**Task to carry out:**
If a line of the data below contains the string "case", copy it into your answer.

**Given records:**
Lemma card_ball A c x e : x \in cylinder A c ->
  #|[set y in cylinder A c | dist_on A x y <= e]| = ball_vol (#|Q| - 1) e.+1 #|A|.
Proof.
move=> xA; rewrite -sum1_card.
rewrite (partition_big (diff_on A x) (fun B => (B \subset A) && (#|B| <= e))) /=; last first.
  by move=> y /[!inE] /andP [_ ->]; rewrite andbT; apply/subsetP => j /[!inE] /andP [].
rewrite (eq_bigr (fun B => expn (#|Q| - 1) #|B|)); last first.
  move=> B /andP [BA Be]; rewrite -(card_shell xA BA) sum1_card; apply: eq_card => y.
  rewrite unfold_in /= !inE /dist_on; case: eqP => [->|]; rewrite ?Be ?andbT ?andbF //.
rewrite (partition_big (fun B : {set 'I_n} => (inord #|B| : 'I_e.+1)) predT) //=.
apply: eq_bigr => i _; rewrite (eq_bigl (fun B => (B \subset A) && (#|B| == i))); last first.
  move=> B; apply/andP/andP => [[/andP [BA Be] /eqP <-]|[BA /eqP Bi]].
    by rewrite inordK.
  have Be : #|B| < e.+1 by rewrite Bi ltn_ord.
  by rewrite BA -ltnS Be; split => //; apply/eqP/val_inj; rewrite /= inordK.
rewrite (eq_bigr (fun _ => expn (#|Q| - 1) i)) => [|B /andP [_ /eqP ->] //].
by rewrite sum_nat_const -cards_draws; congr (_ * _); apply: eq_card => B; rewrite inE.
Qed.

Lemma hamming_bound A c D rho e :
  e + e < rho -> D \subset cylinder A c -> min_dist_on A D rho ->
  #|D| * ball_vol (#|Q| - 1) e.+1 #|A| <= expn #|Q| #|A|.
Proof.
move=> erho DA Drho; pose ball x := [set y in cylinder A c | dist_on A x y <= e].
rewrite -sum_nat_const (eq_bigr (fun x => #|ball x|)); last first.
  by move=> x xD; rewrite card_ball // (subsetP DA).
rewrite (eq_bigr _ (fun x _ => card_sub_sum _ _)) exchange_big /= -(card_cylinder A c).
rewrite -sum1_card; apply: leq_sum => y _; rewrite -card_sub_sum.
apply/card_le1_eqP => x1 x2 /[!inE] /andP [x1D x1y] /andP [x2D x2y].
apply/eqP; apply: contraTT (_ : dist_on A x2 x1 < rho) => [/(Drho _ _ x2D x1D)|].
  by rewrite -leqNgt.
have := dist_on_triangle A x2 y x1; rewrite (dist_onC A y x1); lia.
Qed.

Lemma coordinate_disagreements_le D j :
  #|Q| * \sum_(x in D) \sum_(y in D) (x j != y j) <= (#|Q| - 1) * (#|D| * #|D|).
Proof.
pose m v := #|[set x in D | x j == v]|.
have cardD : #|D| = \sum_v m v.
  rewrite -sum1_card (partition_big (fun x : {ffun 'I_n -> Q} => x j) predT) //=.
  by apply: eq_bigr => v _; rewrite sum1_card; apply: eq_card => x; rewrite !inE.
have equal_pairs : \sum_(x in D) \sum_(y in D) (x j == y j) = \sum_v m v * m v.
  rewrite (eq_bigr (fun x => m (x j))); last first.
    by move=> x _; rewrite /m card_sub_sum; apply: eq_bigr => y _; rewrite eq_sym.
  rewrite (partition_big (fun x : {ffun 'I_n -> Q} => x j) predT) //=.
  apply: eq_bigr => v _; rewrite (eq_bigr (fun _ => m v)) => [|x /andP [_ /eqP ->] //].
  by rewrite sum_nat_const; congr (_ * _); apply: eq_card => x; rewrite !inE.
have all_pairs : \sum_(x in D) \sum_(y in D) (x j != y j)
           + \sum_(x in D) \sum_(y in D) (x j == y j) = #|D| * #|D|.
  rewrite -big_split -sum_nat_const; apply: eq_bigr => x _.
  by rewrite -big_split -sum1_card; apply: eq_bigr => y _; case: (x j == y j).
have := cauchy_schwarz_nat m; rewrite -cardD -equal_pairs -all_pairs.
move: (\sum_(x in D) _ _) (\sum_(x in D) _ _) => u v; nia.
Qed.

Lemma plotkin_bound A D rho : min_dist_on A D rho ->
  #|Q| * ((#|D| - 1) * rho) <= #|A| * (#|Q| - 1) * #|D|.
Proof.
move=> Drho; pose S := \sum_(x in D) \sum_(y in D) dist_on A x y.
have lower : #|D| * ((#|D| - 1) * rho) <= S.
  rewrite -sum_nat_const; apply: leq_sum => x xD; rewrite (bigD1 x xD) /=.
  rewrite (cardsD1 x D) xD addKn -sum_nat_const; apply: leq_trans (leq_addl _ _).
  rewrite [leqRHS](eq_bigl (mem (D :\ x))) => [|y]; last by rewrite !inE andbC.
  by apply: leq_sum => y /setD1P [yx yD]; apply: Drho; rewrite // eq_sym.
have upper : #|Q| * S <= #|A| * ((#|Q| - 1) * (#|D| * #|D|)).
  rewrite /S (eq_bigr _ (fun x _ => eq_bigr _ (fun y _ => dist_on_sum A x y))).
  rewrite (eq_bigr _ (fun x _ => exchange_big _ _ _ _ _ _)) exchange_big /=.
  rewrite big_distrr /= -sum_nat_const; apply: leq_sum => j _.
  exact: coordinate_disagreements_le.
case: #|D| lower upper => [|m] lower upper; first by rewrite !muln0.
rewrite -(leq_pmul2l (ltn0Sn m)); have := leq_mul (leqnn #|Q|) lower.
move: upper; move: (#|Q| * S) (#|Q| - 1) => s q'; nia.
Qed.

End Words.

Section Logarithm.
Local Open Scope R_scope.
Variable b : R.
Hypothesis b_gt1 : 1 < b.

Lemma ln_base_gt0 : 0 < ln b.
Proof. by rewrite -ln_1; apply: ln_increasing; lra. Qed.

Lemma logb_le x y : 0 < x -> x <= y -> logb b x <= logb b y.
Proof.
move=> x_gt0 [xy|<-]; last exact: Rle_refl.
apply: Rmult_le_compat_r; first exact/Rlt_le/Rinv_0_lt_compat/ln_base_gt0.
exact/Rlt_le/ln_increasing.
Qed.

Lemma logb_mul x y : 0 < x -> 0 < y -> logb b (x * y) = logb b x + logb b y.
Proof. by move=> x0 y0; rewrite /logb ln_mult //; lra. Qed.

Lemma logb_div x y : 0 < x -> 0 < y -> logb b (x / y) = logb b x - logb b y.
Proof.
by move=> x0 y0; rewrite /logb /Rdiv ln_mult ?ln_Rinv //; [lra | apply: Rinv_0_lt_compat].
Qed.

Lemma logb1 : logb b 1 = 0.
Proof. by rewrite /logb ln_1 /Rdiv Rmult_0_l. Qed.

Lemma logb_pow_base k : logb b (b ^ k) = INR k.
Proof. rewrite /logb ln_pow; last lra. by field; apply/Rgt_not_eq/ln_base_gt0. Qed.

Lemma concave_chord (g : nat -> R) (N a : nat) : g 0%nat = 0 ->
  (forall i, (i.+2 <= N)%nat -> g i + g i.+2 <= 2 * g i.+1) ->
  (a <= N)%nat -> INR a * g N <= INR N * g a.
Proof.
move=> g0 g_concave.
have ratio m : (m.+1 <= N)%nat -> INR m * g m.+1 <= INR m.+1 * g m.
  elim: m => [|m IH] mN; first by rewrite g0 /=; lra.
  have := IH (ltnW mN); have := g_concave m mN; have := pos_INR m; rewrite !S_INR; nra.
have chord k : (a + k <= N)%nat -> INR a * g (a + k)%nat <= INR (a + k) * g a.
  elim: k => [|k IH] akN; first by rewrite addn0; lra.
  have [->|a_gt0] := posnP a; first by rewrite g0 /=; lra.
  rewrite addnS in akN *; have := IH (ltnW akN); have := ratio _ akN; rewrite S_INR.
  have : 0 < INR (a + k) by apply: lt_0_INR; apply/ltP; lia.
  have := pos_INR a; nra.
by move=> aN; rewrite -(subnKC aN); apply: chord; rewrite subnKC.
Qed.

Lemma logb_chord (f : nat -> R) (N a : nat) :
  (forall i, (i <= N)%nat -> 0 < f i) ->
  (forall i, (i.+2 <= N)%nat -> f i * f i.+2 <= f i.+1 * f i.+1) ->
  (a <= N)%nat ->
  INR a * (logb b (f N) - logb b (f 0%nat)) <= INR N * (logb b (f a) - logb b (f 0%nat)).
Proof.
move=> f_gt0 f_logconcave.
apply: (concave_chord (g := fun i => logb b (f i) - logb b (f 0%nat))).
  by rewrite Rminus_diag.
move=> i iN; have f0 j : (j <= i.+2)%nat -> 0 < f j.
  by move=> ji; apply: f_gt0; apply: leq_trans iN.
have f_i := f0 i (leqW (leqnSn i)); have f_i1 := f0 i.+1 (leqnSn _).
have f_i2 := f0 i.+2 (leqnn _).
have := logb_le (Rmult_lt_0_compat _ _ f_i f_i2) (f_logconcave _ iN).
rewrite !logb_mul //; lra.
Qed.

End Logarithm.

Lemma INR_expn m k : INR (expn m k) = (INR m ^ k)%R.
Proof. by elim: k => // k IH; rewrite expnS mult_INR IH. Qed.

Lemma INR_leq m p : m <= p -> (INR m <= INR p)%R.
Proof. by move/leP; apply: le_INR. Qed.

Lemma INR_gt0 m : 0 < m -> (0 < INR m)%R.
Proof. by move/ltP; apply: lt_0_INR. Qed.

Lemma INR_gt1 m : 1 < m -> (1 < INR m)%R.
Proof. by move/ltP; apply: lt_1_INR. Qed.

Lemma le_scaled_bound (x h a hN N : R) :
  (0 < N)%R -> (x <= h)%R -> (N * h <= a * hN)%R -> (x <= hN / N * a)%R.
Proof.
move=> N_gt0 xh hN_ge; apply: (Rmult_le_reg_l N) => //.
rewrite (_ : N * (hN / N * a) = a * hN)%R; first nra.
by field; apply: Rgt_not_eq.
Qed.

(* Local codes on [A] are represented inside the cylinder of words equal to [c] off [A]. *)
Definition local_bound (Q : finType) (n N rho : nat) (L : R) : Prop :=
  forall (A : {set 'I_n}) (c : {ffun 'I_n -> Q}) (D : {set {ffun 'I_n -> Q}}),
    #|A| <= N -> 0 < #|D| -> D \subset cylinder A c -> min_dist_on A D rho ->
    (logb (INR #|Q|) (INR #|D|) <= L / INR N * INR #|A|)%R.

Section LocalBounds.
Variables (Q : finType) (n r rho : nat).
Hypothesis Q_gt1 : 1 < #|Q|.
Local Notation N := (r + rho - 1).
Local Notation q := (INR #|Q|).

Let q_gt1 : (1 < q)%R := INR_gt1 Q_gt1.

Lemma singleton_local_bound : 0 < r -> 0 < rho -> local_bound Q n N rho (INR r).
Proof.
move=> r_gt0 rho_gt0 A c D AN D_gt0 DA Drho.
have := logb_le q_gt1 (INR_gt0 D_gt0) (INR_leq (singleton_bound rho_gt0 DA Drho)).
rewrite INR_expn logb_pow_base // => bound.
apply: le_scaled_bound bound _; first by apply: INR_gt0; lia.
rewrite -!mult_INR; apply: INR_leq.
have [small|large] := leqP (#|A| + 1) rho; first by rewrite (_ : _ - rho = 0) //; lia.
nia.
Qed.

**Exercise output:**
  rewrite unfold_in /= !inE /dist_on; case: eqP => [->|]; rewrite ?Be ?andbT ?andbF //.
  by rewrite -big_split -sum1_card; apply: eq_bigr => y _; case: (x j == y j).
case: #|D| lower upper => [|m] lower upper; first by rewrite !muln0.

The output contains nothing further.